(Beginning of Input records)

Lemma ext_lt_total u v : u != v -> ext_lt u v || ext_lt v u.
Proof.
move=> nuv; rewrite /ext_lt nuv eq_sym nuv /=.
by case/orP: (dir_lt_total up nuv) => ->; case: (connect r v u); case: (connect r u v);
  rewrite /= ?orbT.
Qed.

Lemma ext_lt_trans : ssrbool.transitive ext_lt.
Proof.
have ctr := @connect_trans _ r.
move=> v u w /andP[nuv Huv] /andP[nvw Hvw].
have nuw : u != w.
  apply: contraTneq Hvw => <-; rewrite negb_or negb_and negbK.
  case/orP: Huv => [cuv | /andP[duv ->]].
  - by rewrite cuv orbT andbT; apply: contra nuv => /(r_antisym cuv) ->.
  - by rewrite dir_lt_asym.
rewrite /ext_lt nuw /=.
case/orP: Huv => [cuv | /andP[duv ncvu]]; case/orP: Hvw => [cvw | /andP[dvw ncwv]].
- by rewrite (ctr _ _ _ cuv cvw).
- have ncwu : ~~ connect r w u by apply: contra ncwv => /ctr; apply.
  rewrite ncwu andbT; case/orP: (dir_lt_total up nuw) => [->|dwu]; first by rewrite orbT.
  have /orP[] := r_convex cuv (dir_lt_between dvw dwu) => [->//|cwv].
  by rewrite cwv in ncwv.
- have ncwu : ~~ connect r w u by apply: contra ncvu => /(ctr _ _ _ cvw).
  rewrite ncwu andbT; case/orP: (dir_lt_total up nuw) => [->|dwu]; first by rewrite orbT.
  have /orP[] := r_convex cvw (dir_lt_between dwu duv) => [cvu|->//].
  by rewrite cvu in ncvu.
- rewrite (dir_lt_trans duv dvw) /=; apply/orP; right; apply/negP => cwu.
  have /orP[] := r_convex cwu (dir_lt_between duv dvw) => [cwv|cvu].
  + by rewrite cwv in ncwv.
  + by rewrite cvu in ncvu.
Qed.

Lemma linear_extension : exists pi : 'S_n, forall u v, (pos pi u < pos pi v) = ext_lt u v.
Proof. exact: perm_of_strict_total ext_lt_irr ext_lt_trans ext_lt_total. Qed.

End LinearExtension.

Section ExtremalExtensions.
Variables (n : nat) (r : rel 'I_n).
Hypothesis r_antisym : forall u v, connect r u v -> connect r v u -> u = v.
Hypothesis r_convex : convex_rel (connect r).

Lemma ext_lt_step up u v : r u v -> u != v -> ext_lt r up u v.
Proof. by move=> ruv nuv; rewrite /ext_lt nuv connect1. Qed.

Lemma bottom_extension : exists pi : 'S_n,
  (forall u v, r u v -> u != v -> pos pi u < pos pi v) /\
  (forall a b : 'I_n, a < b -> pos pi b < pos pi a -> connect r b a).
Proof.
have [pi Hpi] := linear_extension true r_antisym r_convex.
exists pi; split=> [u v ruv nuv | a b ab]; first by rewrite Hpi ext_lt_step.
by rewrite Hpi => /andP[_ /orP[// | /andP[ba _]]]; move: (ltn_trans ab ba); rewrite ltnn.
Qed.

Lemma top_extension : exists pi : 'S_n,
  (forall u v, r u v -> u != v -> pos pi u < pos pi v) /\
  (forall a b : 'I_n, a < b -> ~~ connect r a b -> pos pi b < pos pi a).
Proof.
have [pi Hpi] := linear_extension false r_antisym r_convex.
exists pi; split=> [u v ruv nuv | a b ab ncab]; first by rewrite Hpi ext_lt_step.
by rewrite Hpi /ext_lt /dir_lt ab ncab orbT andbT (negbT (gtn_eqF ab)).
Qed.
Lemma Sset_pullback (k : fieldType) (Q1 Q2 : quiver) (b1 : vert Q1 -> nat)
  (b2 : vert Q2 -> nat) (Psi : Rep k b1 -> Rep k b2)
  (gamma : (forall x, 'M[k]_(b1 x)) -> forall y, 'M[k]_(b2 y))
  (s1 : vert Q1 -> int) (s2 : vert Q2 -> int) :
  (forall a, polymx (fun W => Psi W a)) ->
  (forall g, in_GL g -> in_GL (gamma g)) ->
  (forall g W, in_GL g -> Psi (rep_act g W) = rep_act (gamma g) (Psi W)) ->
  (forall g, weight_char s2 (gamma g) = weight_char s1 g) ->
  forall W, Sset (Psi W) s2 -> Sset W s1.
Proof.
move=> hpoly hGL hequiv hchar W [F [[pfF semiF] nzF]].
exists (fun W => F (Psi W)); split=> //; split; first exact: polyfun_comp.
by move=> g hg W'; rewrite hequiv // semiF ?hchar //; apply: hGL.
Qed.

(* Transport of matrices along equalities of indices of a dimension
   function d; needed because the dimensions bb (pr x) of the lifted
   representation only agree propositionally with those of Qbar. *)
Section Transport.
Variables (k : fieldType) (V : eqType) (d : V -> nat).

Definition tr (y1 y1' y2 y2' : V) (e1 : y1 = y1') (e2 : y2 = y2')
  (A : 'M[k]_(d y1, d y2)) : 'M[k]_(d y1', d y2') :=
  castmx (congr1 d e1, congr1 d e2) A.

Lemma tr_id (y1 y2 : V) (e1 : y1 = y1) (e2 : y2 = y2) A : tr e1 e2 A = A.
Proof. exact: castmx_id. Qed.

Lemma tr_tr (y1 y1' y1'' y2 y2' y2'' : V) (e1 : y1 = y1') (e2 : y2 = y2')
  (f1 : y1' = y1'') (f2 : y2' = y2'') A :
  tr f1 f2 (tr e1 e2 A) = tr (etrans e1 f1) (etrans e2 f2) A.
Proof. by case: y1'' / f1; case: y2'' / f2; case: y1' / e1; case: y2' / e2; rewrite !tr_id. Qed.

Lemma tr_mul (y1 y1' y2 y2' y3 y3' : V) (e1 : y1 = y1') (e2 : y2 = y2')
  (e3 : y3 = y3') A B :
  tr e1 e3 (A *m B) = tr e1 e2 A *m tr e2 e3 B.
Proof. by case: y1' / e1; case: y2' / e2; case: y3' / e3; rewrite !tr_id. Qed.

Lemma tr_inv (y y' : V) (e : y = y') A : tr e e (invmx A) = invmx (tr e e A).
Proof. by case: y' / e; rewrite !tr_id. Qed.
(* Let $F$ be an algebraically closed field of characteristic $0$ and let $\hat{\mathbb{Z}}$ be the profinite completion of $\mathbb{Z}$. Suppose $$0\to\hat{\mathbb{Z}}\overset{i_H}{\to} H\overset{\mathrm{ex}_H}{\to}F^{\times}\to1\quad\text{and}\quad 0\to\hat{\mathbb{Z}}\overset{i_G}{\to} G\overset{\mathrm{ex}_G}{\to}F^{\times}\to1$$ are exact sequences of abelian groups, where $H$ and $G$ are divisible torsion-free abelian groups. Then there is a group isomorphism $\sigma:H\to G$ such that $\mathrm{ex}_H=\mathrm{ex}_G\circ\sigma$. *)

From HB Require Import structures.
From mathcomp Require Import all_boot all_order all_algebra.
From mathcomp Require Import boolp.

Set Implicit Arguments.
Unset Strict Implicit.
Unset Printing Implicit Defensive.

Import Order.TTheory GRing.Theory Num.Theory.
Local Open Scope ring_scope.

(* The profinite completion of Z:  Zhat = lim_{n >= 1} Z / nZ.               *)
(* An element is a compatible family (x_n)_n, where coordinate n lives in    *)
(* Z/(n+1)Z and is represented by its canonical residue in [0, n+1), and     *)
(* compatibility says x_m = x_n mod (m+1) whenever (m+1) | (n+1).            *)

Definition zhat_compat (x : nat -> int) : Prop :=
  (forall n, x n = (x n %% n.+1%:Z)%Z) /\
  (forall m n, (m.+1 %| n.+1)%N -> x m = (x n %% m.+1%:Z)%Z).

Record Zhat := MkZhat { zhat_val : nat -> int; zhat_valP : zhat_compat zhat_val }.

HB.instance Definition _ := gen_eqMixin Zhat.
HB.instance Definition _ := gen_choiceMixin Zhat.

Lemma zhat_eq (x y : Zhat) : zhat_val x =1 zhat_val y -> x = y.
Proof.
case: x => x hx; case: y => y hy /= /funext exy.
subst y; congr MkZhat; exact: Prop_irrelevance.
Qed.

Lemma modz_dvd_nested (m n d : int) : (d %| n)%Z -> ((m %% n)%Z %% d)%Z = (m %% d)%Z.
Proof.
move=> dn; apply/eqP; rewrite eqz_mod_dvd.
have -> : ((m %% n)%Z - m = - ((m %/ n)%Z * n))%R.
  by rewrite {2}(divz_eq m n) opprD addrCA subrr addr0.
by rewrite rpredN; apply: dvdz_mull.
Qed.

Lemma zhat_dvd (m n : nat) : (m.+1 %| n.+1)%N -> (m.+1%:Z %| n.+1%:Z)%Z.
Proof. by []. Qed.

Definition zhat0_fun : nat -> int := fun _ => 0.
Lemma zhat0_compat : zhat_compat zhat0_fun.
Proof. by split=> *; rewrite /zhat0_fun mod0z. Qed.
Definition zhat0 : Zhat := MkZhat zhat0_compat.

(End of Input records)

> What you are asked to do
Copy out exactly the line holding "Definition zhat0_fun : nat" and each line after it through the end of the entries, and leave out everything else.

> Reply
Definition zhat0_fun : nat -> int := fun _ => 0.
Lemma zhat0_compat : zhat_compat zhat0_fun.
Proof. by split=> *; rewrite /zhat0_fun mod0z. Qed.
Definition zhat0 : Zhat := MkZhat zhat0_compat.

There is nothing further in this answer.